Two trees simulated under two scenarios of birth-death models. Tree (A) on the left was simulated without a mass extinction, while tree (B) on the right experienced as mass extinction at the dashed line. Both trees contain sampled ancestors as well, but these have been omitted for clarity.

shows an example of a tree without and a tree with a mass extinction, but with otherwise similar diversification rates. Note how the tree with a mass extinction contains a band of fossil tips shortly before the mass extinction time, and few lineages cross the boundary. This is to be expected, as mass extinctions kill off a majority of lineages alive at that time, thus few lineages survive and what might otherwise be sampled ancestors become tips.

In our inference model, each mass extinction probability will have a reversible jump mixture model prior with a probability $1 - p_M_i$ that there is no mass extinction. If there is a mass extinction, the probability that a lineage goes extinct at that time, $M_i$, will be modeled with a Beta distribution. The probability $p_M_i$ that there is a mass extinction will be small (mass extinctions are rare), but the probability of a lineage dying in a mass extinction will be large (most lineages die in a mass extinction). To model background rate variation, we use the Horseshoe Markov random field birth-death model as in the Episodic Diversification Rate Estimation tutorial.

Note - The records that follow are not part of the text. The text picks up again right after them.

Lemma frobD n1 n2 (X Y : tens n1 n2) : frob (X + Y) <= frob X + frob Y.
Proof.
rewrite !frob_l2norm; have -> : tentries (X + Y) = tentries X + tentries Y.
  by apply/funext => q; rewrite /tentries addrfctE mxE.
exact: l2normD.
Qed.

Lemma frobZ n1 n2 c (X : tens n1 n2) : frob (c *: X) = `|c| * frob X.
Proof.
rewrite !frob_l2norm -l2normZ; congr l2norm.
by apply/funext => q; rewrite /tentries scalrfctE mxE.
Qed.

Lemma frobN n1 n2 (X : tens n1 n2) : frob (- X) = frob X.
Proof. by rewrite -scaleN1r frobZ normrN1 mul1r. Qed.

Lemma frob0 n1 n2 : frob (0 : tens n1 n2) = 0.
Proof. by rewrite -(scale0r 0) frobZ normr0 mul0r. Qed.

Lemma frob_sum n1 n2 (J : finType) (P : pred J) (F : J -> tens n1 n2) :
  frob (\sum_(j | P j) F j) <= \sum_(j | P j) frob (F j).
Proof.
apply: (big_ind2 (fun (X : tens n1 n2) r => frob X <= r)) => //.
- by rewrite frob0.
- by move=> X1 X2 r1 r2 le1 le2; apply: le_trans (frobD _ _) (lerD le1 le2).
Qed.

End Frobenius.

Section TProduct.
Variables (R : realType) (n : nat).
Local Notation tens n1 n2 := (tensor R n1 n2 n).

Lemma tsubE n1 n2 (X Y : tens n1 n2) : tsub X Y = X - Y.
Proof. by []. Qed.

Lemma taddE n1 n2 (X Y : tens n1 n2) : tadd X Y = X + Y.
Proof. by []. Qed.

Lemma tscaleE n1 n2 a (X : tens n1 n2) : tscale a X = a *: X.
Proof. by []. Qed.

Lemma tprod_is_bilinear n1 n2 n3 :
  bilinear_for (GRing.Scale.Law.clone _ _ *:%R _) (GRing.Scale.Law.clone _ _ *:%R _)
    (@tprod R n n1 n2 n3).
Proof.
split=> [X|A] c Y Z; apply/funext => k.
- rewrite -[RHS]/(c *: tprod Y X k + tprod Z X k) /tprod scaler_sumr -big_split.
  by apply: eq_bigr => j _; rewrite !fctE mulmxDl scalemxAl.
- rewrite -[RHS]/(c *: tprod A Y k + tprod A Z k) /tprod scaler_sumr -big_split.
  by apply: eq_bigr => j _; rewrite !fctE mulmxDr scalemxAr.
Qed.

HB.instance Definition _ n1 n2 n3 := bilinear_isBilinear.Build R
  (tens n1 n2) (tens n2 n3) (tens n1 n3) _ _ (@tprod R n n1 n2 n3)
  (@tprod_is_bilinear n1 n2 n3).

Estimating Mass Extinctions

Read the data

Begin by reading in the ``observed’’ tree.

T <- readTrees("data/crocs_T1.tre")[1]

When the tree has fossils, it is best to read in the taxa from a taxon data file. This is absolutely required if the tree is to be simultaneously inferred.

taxa <- readTaxonData("data/crocs_taxa.txt",delim=TAB)

Additionally, we initialize a variable for our vector of moves and monitors.

moves    = VectorMoves()
monitors = VectorMonitors()

Finally, we create a helper variable that specifies the number of intervals.


Using this variable we can easily change our script to break-up time into more intervals (e.g., NUM_INTERVALS = 200) for finer resolution on the mass extinctions.

Specifying the model

Setting up the time intervals

The model formulation we are using assumes that time points are evenly spaced. We must now create this vector of times to give to the birth death model.

interval_times <- abs(T.rootAge() * seq(1, NUM_BREAKS, 1)/NUM_INTERVALS)

This vector of times will be used for the speciation, extinction, and fossilization rates, as well as the mass extinctions. Also, remember that the times of the intervals represent ages going backwards in time.

Priors on the mass extinctions

Recall that the prior on mass extinctions is done with a reversible jump mixture model. This means our prior on mass extinctions comes in two parts: the probability that there is a mass extinction at any time interval, and the probability that a lineage dies in that mass extinction. We set the reversible jump probability in terms of the prior expected number of mass extinctions experienced. For example, we might set the prior to 0.5 or 1.0 as a conservative prior estimate of the number of mass extinctions that shaped this tree.

expected_number_of_mass_extinctions <- 1.0

Since there are NUM_BREAKS possible extinction locations, this makes the probability that there is NOT a mass extinction at any one of them 1 - expected_number_of_mass_extinctions/NUM_BREAKS.

mix_p <- Probability(1.0 - expected_number_of_mass_extinctions/NUM_BREAKS)

We must also choose a prior on the probability that a lineage dies at a mass extinction (when there is a non-zero mass extinction). Mass extinctions kill a large majority of lineages, so we use a Beta(18,2) prior, which correspondingly has a mean of 0.9 and a 95% CI of [0.74,0.987]. Our full prior then says the following: mass extinctions are rare, but when they occur they kill most lineages.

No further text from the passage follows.